> _About this exercise_
Search the records below for the string "Require" and copy each line where it turns up.
Content starts
(* Let $\beta\in(3/2,\beta^*]$, let $\vec z\in S_\beta$ and let $\vec z=\sum_{i=1}^\infty a_i\beta^{-i}$ with $a_i\in\{\vec q_0,\vec q_1,\vec q_2\}$. Then: (i) if $\vec z\in E_i$ for some $i\in\{0,1,2\}$, then $a_1=\vec q_i$; (ii) if $\vec z\in C_{ij}$ for some $ij\in\{01,12,02\}$, then $a_1\in\{\vec q_i,\vec q_j\}$.
   Context: $\beta^*\approx1.5437$ is the real root of $x^3-2x^2+2x=2$. $\vec q_0=(0,0)$, $\vec q_1=(1,0)$, $\vec q_2=(0,1)$, $f_{\vec q_i}(\vec z)=(\vec z+\vec q_i)/\beta$ (write $f_i=f_{\vec q_i}$), $S_\beta$ the attractor of this IFS. $H=\{(x,y):x<\frac1\beta,\ y<\frac1\beta,\ x+y>\frac{1}{\beta(\beta-1)}\}$. Define $\tilde E_0=([0,\frac1\beta)\times[0,\frac1\beta))\setminus H$; $\tilde E_1=\{0\le y<\frac1\beta,\ \frac{1}{\beta(\beta-1)}<x+y\le\frac1{\beta-1}\}\setminus H$; $\tilde E_2=\{0\le x<\frac1\beta,\ \frac{1}{\beta(\beta-1)}<x+y\le\frac1{\beta-1}\}\setminus H$; $\tilde C_{01}=\{x\ge\frac1\beta,\ y\ge0,\ x+y\le\frac{1}{\beta(\beta-1)}\}$; $\tilde C_{12}=\{x\ge\frac1\beta,\ y\ge\frac1\beta,\ x+y\le\frac1{\beta-1}\}$; $\tilde C_{02}=\{x\ge0,\ y\ge\frac1\beta,\ x+y\le\frac{1}{\beta(\beta-1)}\}$. For $\{i,j,k\}=\{0,1,2\}$ let $E_i=\bigl(\tilde E_i\cup\bigcup_{n\ge1}f_jf_i^n(H)\cup\bigcup_{n\ge1}f_kf_i^n(H)\bigr)\setminus\bigcup_{n\ge0}f_i^n(H)$, and for $ij\in\{01,12,02\}$ let $C_{ij}=\tilde C_{ij}\setminus\bigl(\bigcup_{n\ge1}f_if_j^n(H)\cup\bigcup_{n\ge1}f_jf_i^n(H)\bigr)$. *)

From Stdlib Require Import Reals Lra.
Open Scope R_scope.

(* Digits: D0, D1, D2 stand for q_0 = (0,0), q_1 = (1,0), q_2 = (0,1). *)
Inductive digit : Set := D0 | D1 | D2.

Definition qx (d : digit) : R := match d with D1 => 1 | _ => 0 end.
Definition qy (d : digit) : R := match d with D2 => 1 | _ => 0 end.

Definition f (beta : R) (d : digit) (p : R * R) : R * R :=
  ((fst p + qx d) / beta, (snd p + qy d) / beta).

(* a : nat -> digit codes the sequence a_1, a_2, ... as a 0, a 1, ...;
   z = sum_{i>=1} a_i beta^{-i}, coordinatewise. *)
Definition expansion (beta : R) (a : nat -> digit) (z : R * R) : Prop :=
  infinite_sum (fun n => qx (a n) / beta ^ (S n)) (fst z) /\
  infinite_sum (fun n => qy (a n) / beta ^ (S n)) (snd z).

Definition S_beta (beta : R) (z : R * R) : Prop := exists a, expansion beta a z.

Definition H (beta : R) (p : R * R) : Prop :=
  fst p < 1 / beta /\ snd p < 1 / beta /\
  fst p + snd p > 1 / (beta * (beta - 1)).

Definition Etilde (beta : R) (i : digit) (p : R * R) : Prop :=
  let x := fst p in let y := snd p in
  (match i with
   | D0 => 0 <= x < 1 / beta /\ 0 <= y < 1 / beta
   | D1 => 0 <= y < 1 / beta /\
           1 / (beta * (beta - 1)) < x + y <= 1 / (beta - 1)
   | D2 => 0 <= x < 1 / beta /\
           1 / (beta * (beta - 1)) < x + y <= 1 / (beta - 1)
   end) /\ ~ H beta p.

Definition in_fj_fin_H (beta : R) (j i : digit) (n : nat) (z : R * R) : Prop :=
  exists w, H beta w /\ z = f beta j (Nat.iter n (f beta i) w).

Definition E (beta : R) (i : digit) (z : R * R) : Prop :=
  (Etilde beta i z \/
   exists j n, j <> i /\ (1 <= n)%nat /\ in_fj_fin_H beta j i n z) /\
  ~ (exists n w, H beta w /\ z = Nat.iter n (f beta i) w).

Inductive dpair : Set := P01 | P12 | P02.
Definition pfst (p : dpair) : digit := match p with P01 => D0 | P12 => D1 | P02 => D0 end.
Definition psnd (p : dpair) : digit := match p with P01 => D1 | P12 => D2 | P02 => D2 end.

Definition Ctilde (beta : R) (p : dpair) (z : R * R) : Prop :=
  let x := fst z in let y := snd z in
  match p with
  | P01 => x >= 1 / beta /\ y >= 0 /\ x + y <= 1 / (beta * (beta - 1))
  | P12 => x >= 1 / beta /\ y >= 1 / beta /\ x + y <= 1 / (beta - 1)
  | P02 => x >= 0 /\ y >= 1 / beta /\ x + y <= 1 / (beta * (beta - 1))
  end.

Definition Cij (beta : R) (p : dpair) (z : R * R) : Prop :=
  Ctilde beta p z /\
  ~ (exists n, (1 <= n)%nat /\
       (in_fj_fin_H beta (pfst p) (psnd p) n z \/
        in_fj_fin_H beta (psnd p) (pfst p) n z)).

(** A point of [S_beta] lies in the triangle [T = {x, y >= 0, x + y <= 1/(beta-1)}]
    and is [f_d z'] for the first digit [d] of any of its expansions and some
    [z' in S_beta].  The three first-level pieces [f_0 T], [f_1 T], [f_2 T] lie
    respectively below the line [x + y = 1/(beta(beta-1))], right of [x = 1/beta]
    and above [y = 1/beta], which pins the first digit down on [Etilde_i] and
    [Ctilde_ij] (for the latter, [beta > 3/2] separates [f_k T] from [Ctilde_ij]
    when [k] is the third index).  For the images [f_j f_i^n H], one checks that
    [H] and its [f_i]-orbit stay in a region [R_i] ([hole_region i]) such that
    [f_j R_i] misses [f_k T] whenever [k] differs from [i] and [j]; [j = i] gives by
    induction that [f_i^n H] misses [S_beta], and then a point [f_j f_i^n w] of
    [S_beta] can only have first digit [i]. *)

From Pilot Require Import Defs.
From Stdlib Require Import Reals Lra.
From Coquelicot Require Import Coquelicot.
(* Coquelicot re-exports [Rtopology.f]; restore [f] as the IFS map. *)
Import Defs.
Open Scope R_scope.

Lemma is_series_zero : is_series (fun _ : nat => 0) 0.
Proof.
  apply (filterlim_ext (fun _ => 0)); [|apply filterlim_const].
  intro n; rewrite sum_n_const; simpl; ring.
Qed.

Lemma is_series_le (u v : nat -> R) (lu lv : R) :
  (forall n, 0 <= u n <= v n) -> is_series u lu -> is_series v lv -> lu <= lv.
Proof.
  intros Huv Hu Hv.
  rewrite <- (is_series_unique _ _ Hu), <- (is_series_unique _ _ Hv).
  apply Series_le; [exact Huv | exists lv; exact Hv].
Qed.

Lemma is_series_geom_shift (b : R) :
  1 < b -> is_series (fun n => 1 / b ^ S n) (1 / (b - 1)).
Proof.
  intro Hb.
  assert (Hq : Rabs (/ b) < 1).
  { rewrite Rabs_pos_eq by (left; apply Rinv_0_lt_compat; lra).
    rewrite <- Rinv_1; apply Rinv_lt_contravar; lra. }
  pose proof (is_series_scal_l (/ b) _ _ (is_series_geom _ Hq)) as Hgeom.
  replace (1 / (b - 1)) with (/ b * / (1 - / b)) by (field; lra).
  apply is_series_ext with (2 := Hgeom); intro n.
  unfold scal; simpl; unfold mult; simpl.
  rewrite pow_inv; field; split; [apply pow_nonzero|]; lra.
Qed.

Lemma is_series_shift_scale (b : R) (u : nat -> R) (l : R) :
  0 < b -> is_series (fun n => u n / b ^ S n) l ->
  is_series (fun n => u (S n) / b ^ S n) (b * l - u O).
Proof.
  intros Hb Hl.
  assert (Htail : is_series (fun n => u (S n) / b ^ S (S n)) (l - u O / b)).
  { assert (Hsplit : l = plus (l - u O / b) (u O / b ^ 1)) by
      (unfold plus; simpl; field; lra).
    rewrite Hsplit in Hl; exact (is_series_incr_1 _ _ Hl). }
  pose proof (is_series_scal_l b _ _ Htail) as Hscaled.
  replace (b * l - u O) with (b * (l - u O / b)) by (field; lra).
  apply is_series_ext with (2 := Hscaled); intro n.
  unfold scal; simpl; unfold mult; simpl.
  field; split; [apply pow_nonzero|]; lra.
Qed.

Lemma digit_series_bounds (b : R) (g : digit -> R) (a : nat -> digit) (l : R) :
  1 < b -> (forall d, 0 <= g d <= 1) ->
  is_series (fun n => g (a n) / b ^ S n) l -> 0 <= l <= 1 / (b - 1).
Proof.
  intros Hb Hg Hl.
  assert (Hterm : forall n, 0 <= g (a n) / b ^ S n <= 1 / b ^ S n).
  { intro n; assert (0 < b ^ S n) by (apply pow_lt; lra).
    specialize (Hg (a n)); unfold Rdiv; split.
    - apply Rmult_le_pos; [lra | left; apply Rinv_0_lt_compat; lra].
    - apply Rmult_le_compat_r; [left; apply Rinv_0_lt_compat|]; lra. }
  split.
  - refine (is_series_le (fun _ => 0) _ _ _ _ is_series_zero Hl).
    intro n; split; [lra | apply Hterm].
  - exact (is_series_le _ _ _ _ Hterm Hl (is_series_geom_shift b Hb)).
Qed.

Definition triangle (b : R) (p : R * R) : Prop :=
  0 <= fst p /\ 0 <= snd p /\ fst p + snd p <= 1 / (b - 1).

Lemma expansion_triangle (b : R) (a : nat -> digit) (z : R * R) :
  1 < b -> expansion b a z -> triangle b z.
Proof.
  intros Hb [Hx Hy]; apply is_series_Reals in Hx; apply is_series_Reals in Hy.
  assert (Hxy : is_series (fun n => (fun d => qx d + qy d) (a n) / b ^ S n)
                          (fst z + snd z)).
  { apply (is_series_ext _ _ _ (fun n => eq_sym (Rdiv_plus_distr _ _ _))).
    exact (is_series_plus _ _ _ _ Hx Hy). }
  pose proof (digit_series_bounds b qx a _ Hb ltac:(intros []; simpl; lra) Hx).
  pose proof (digit_series_bounds b qy a _ Hb ltac:(intros []; simpl; lra) Hy).
  pose proof (digit_series_bounds b (fun d => qx d + qy d) a _ Hb
                ltac:(intros []; simpl; lra) Hxy).
  unfold triangle; lra.
Qed.

Lemma expansion_tail (b : R) (a : nat -> digit) (z : R * R) :
  0 < b -> expansion b a z ->
  exists z', expansion b (fun n => a (S n)) z' /\ z = f b (a O) z'.
Proof.
  intros Hb [Hx Hy]; apply is_series_Reals in Hx; apply is_series_Reals in Hy.
  exists (b * fst z - qx (a O), b * snd z - qy (a O)); split.
  - split; apply is_series_Reals; simpl.
    + exact (is_series_shift_scale b (fun n => qx (a n)) _ Hb Hx).
    + exact (is_series_shift_scale b (fun n => qy (a n)) _ Hb Hy).
  - destruct z as [x y]; unfold f; simpl; f_equal; field; lra.
Qed.

Lemma digit_eq_dec (d d' : digit) : {d = d'} + {d <> d'}.
Proof. decide equality. Qed.

Lemma f_eq_coords (b : R) (j k : digit) (u v : R * R) :
  b <> 0 -> f b j u = f b k v ->
  fst u + qx j = fst v + qx k /\ snd u + qy j = snd v + qy k.
Proof.
  unfold f; intros Hb Huv; injection Huv as Hx Hy.
  split; [apply (Rmult_eq_reg_r (/ b)) | apply (Rmult_eq_reg_r (/ b))];
    auto; apply Rinv_neq_0_compat, Hb.
Qed.

Lemma f_inj (b : R) (d : digit) (u v : R * R) : b <> 0 -> f b d u = f b d v -> u = v.
Proof.
  intros Hb Huv; destruct (f_eq_coords b d d u v Hb Huv).
  destruct u, v; simpl in *; f_equal; lra.
Qed.

Section FirstDigit.

Variable b : R.
Hypothesis Hb : 1 < b.

Let c := 1 / b.
Let e := 1 / (b - 1).

Lemma inv_b_bm1 : 1 / (b * (b - 1)) = e - c.
Proof. unfold e, c; field; lra. Qed.

Lemma e_mul_c : e * c = e - c.
Proof. unfold e, c; field; lra. Qed.

Lemma div_b (u : R) : u / b = u * c.
Proof. unfold c; field; lra. Qed.

Lemma c_bounds : 0 < c < 1.
Proof.
  unfold c; rewrite Rdiv_1_l; split; [apply Rinv_0_lt_compat; lra|].
  rewrite <- Rinv_1; apply Rinv_1_lt_contravar; lra.
Qed.

Lemma f_triangle (d : digit) (v : R * R) :
  triangle b v ->
  let p := f b d v in
  0 <= fst p /\ 0 <= snd p /\
  match d with
  | D0 => fst p + snd p <= e - c
  | D1 => c <= fst p
  | D2 => c <= snd p
  end.
Proof.
  unfold triangle, f; fold e; intros Tv; simpl.
  rewrite !div_b; pose proof c_bounds; pose proof e_mul_c.
  destruct d; simpl; nra.
Qed.

Lemma f_triangle_not_H (d : digit) (v : R * R) : triangle b v -> ~ H b (f b d v).
Proof.
  intros Tv; pose proof (f_triangle d v Tv) as Hp; cbv zeta in Hp.
  unfold H; rewrite inv_b_bm1; fold c.
  destruct d; lra.
Qed.

Lemma e_lt_3c : 3 / 2 < b -> e < 3 * c.
Proof.
  intro Hb32; unfold e, c; apply (Rmult_lt_reg_r (b * (b - 1))); [nra|].
  field_simplify; lra.
Qed.

Lemma expansion_first_step (a : nat -> digit) (z : R * R) :
  expansion b a z -> exists z', S_beta b z' /\ triangle b z' /\ z = f b (a O) z'.
Proof.
  intro Ha; destruct (expansion_tail b a z ltac:(lra) Ha) as [z' [Ha' ->]].
  exists z'; split; [exists (fun n => a (S n)); exact Ha' | split; [|reflexivity]].
  exact (expansion_triangle b _ z' Hb Ha').
Qed.

Lemma S_beta_not_H (z : R * R) : S_beta b z -> ~ H b z.
Proof.
  intros [a Ha]; destruct (expansion_first_step a z Ha) as [z' [_ [Tz' ->]]].
  exact (f_triangle_not_H _ _ Tz').
Qed.

Lemma Etilde_first_digit (i d : digit) (v : R * R) :
  triangle b v -> Etilde b i (f b d v) -> d = i.
Proof.
  intros Tv [Hi _]; pose proof (f_triangle d v Tv) as Hp; cbv zeta in Hp.
  rewrite inv_b_bm1 in Hi; fold c e in Hi; pose proof c_bounds.
  destruct i, d; cbv zeta iota beta in Hi, Hp; auto; exfalso; lra.
Qed.

Lemma Ctilde_first_digit (p : dpair) (d : digit) (v : R * R) :
  3 / 2 < b -> triangle b v -> Ctilde b p (f b d v) -> d = pfst p \/ d = psnd p.
Proof.
  intros Hb32 Tv Hp; pose proof (f_triangle d v Tv) as Hd; cbv zeta in Hd.
  unfold Ctilde in Hp; rewrite ?inv_b_bm1 in Hp; fold c e in Hp.
  pose proof c_bounds; pose proof (e_lt_3c Hb32).
  destruct p, d; cbv zeta iota beta in Hp, Hd |- *; auto; exfalso; lra.
Qed.

Definition hole_region (i : digit) (p : R * R) : Prop :=
  match i with
  | D0 => fst p < c /\ snd p < c
  | D1 => snd p < c /\ fst p + snd p > e - c
  | D2 => fst p < c /\ fst p + snd p > e - c
  end.

Lemma H_hole_region (i : digit) (p : R * R) : H b p -> hole_region i p.
Proof. unfold H, hole_region; rewrite inv_b_bm1; fold c; destruct i; lra. Qed.

Lemma hole_region_f (i : digit) (p : R * R) :
  hole_region i p -> hole_region i (f b i p).
Proof.
  pose proof c_bounds; pose proof e_mul_c.
  destruct i; unfold f; simpl; rewrite !div_b; intros; nra.
Qed.

Lemma hole_region_iter (i : digit) (n : nat) (w : R * R) :
  H b w -> hole_region i (Nat.iter n (f b i) w).
Proof.
  intro Hw; induction n as [|n IH]; simpl.
  - exact (H_hole_region i w Hw).
  - exact (hole_region_f i _ IH).
Qed.

Lemma hole_region_f_disjoint (i j k : digit) (u v : R * R) :
  hole_region i u -> triangle b v -> k <> i -> k <> j -> f b j u <> f b k v.
Proof.
  intros Hu Tv Hki Hkj Huv.
  destruct (f_eq_coords b j k u v ltac:(lra) Huv).
  unfold triangle in Tv; fold e in Tv; pose proof c_bounds.
  destruct i, j, k; simpl in *; try congruence; lra.
Qed.

Lemma iter_H_not_S_beta (i : digit) (n : nat) (w : R * R) :
  H b w -> ~ S_beta b (Nat.iter n (f b i) w).
Proof.
  intro Hw; induction n as [|n IH]; simpl.
  - exact (fun Sw => S_beta_not_H w Sw Hw).
  - intros [a Ha]; destruct (expansion_first_step a _ Ha) as [z' [Sz' [Tz' Hz]]].
    destruct (digit_eq_dec (a O) i) as [Hai|Hai].
    + rewrite Hai in Hz; apply f_inj in Hz; [|lra].
      rewrite Hz in IH; exact (IH Sz').
    + exact (hole_region_f_disjoint i i (a O) _ z' (hole_region_iter i n w Hw)
               Tz' Hai Hai Hz).
Qed.

Lemma E_first_digit (i : digit) (a : nat -> digit) (z : R * R) :
  expansion b a z -> E b i z -> a O = i.
Proof.
  intros Ha [HE _]; destruct (expansion_first_step a z Ha) as [z' [Sz' [Tz' ->]]].
  destruct HE as [Hi | [j [n [_ [_ [w [Hw Hz]]]]]]].
  - exact (Etilde_first_digit i (a O) z' Tz' Hi).
  - destruct (digit_eq_dec (a O) i) as [Hai|Hai]; [exact Hai | exfalso].
    destruct (digit_eq_dec (a O) j) as [Haj|Haj].
    + rewrite Haj in Hz; apply f_inj in Hz; [|lra].
      rewrite Hz in Sz'; exact (iter_H_not_S_beta i n w Hw Sz').
    + exact (hole_region_f_disjoint i j (a O) _ z' (hole_region_iter i n w Hw)
               Tz' Hai Haj (eq_sym Hz)).
Qed.

Lemma Cij_first_digit (p : dpair) (a : nat -> digit) (z : R * R) :
  3 / 2 < b -> expansion b a z -> Cij b p z -> a O = pfst p \/ a O = psnd p.
Proof.
  intros Hb32 Ha [Hp _]; destruct (expansion_first_step a z Ha) as [z' [_ [Tz' ->]]].
  exact (Ctilde_first_digit p (a O) z' Hb32 Tz' Hp).
Qed.

End FirstDigit.

Theorem lemma6p4 (beta bstar : R) (z : R * R) (a : nat -> digit) :
  bstar ^ 3 - 2 * bstar ^ 2 + 2 * bstar = 2 ->
  3 / 2 < beta <= bstar ->
  S_beta beta z ->
  expansion beta a z ->
  (forall i : digit, E beta i z -> a 0%nat = i) /\
  (forall p : dpair, Cij beta p z -> a 0%nat = pfst p \/ a 0%nat = psnd p).
Proof.
  intros _ [Hb _] _ Ha; split.
  - intro i; exact (E_first_digit beta ltac:(lra) i a z Ha).
  - intro p; exact (Cij_first_digit beta ltac:(lra) p a z Hb Ha).
Qed.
Content ends
> _Expected answer_
From Stdlib Require Import Reals Lra.
From Pilot Require Import Defs.
From Stdlib Require Import Reals Lra.
From Coquelicot Require Import Coquelicot.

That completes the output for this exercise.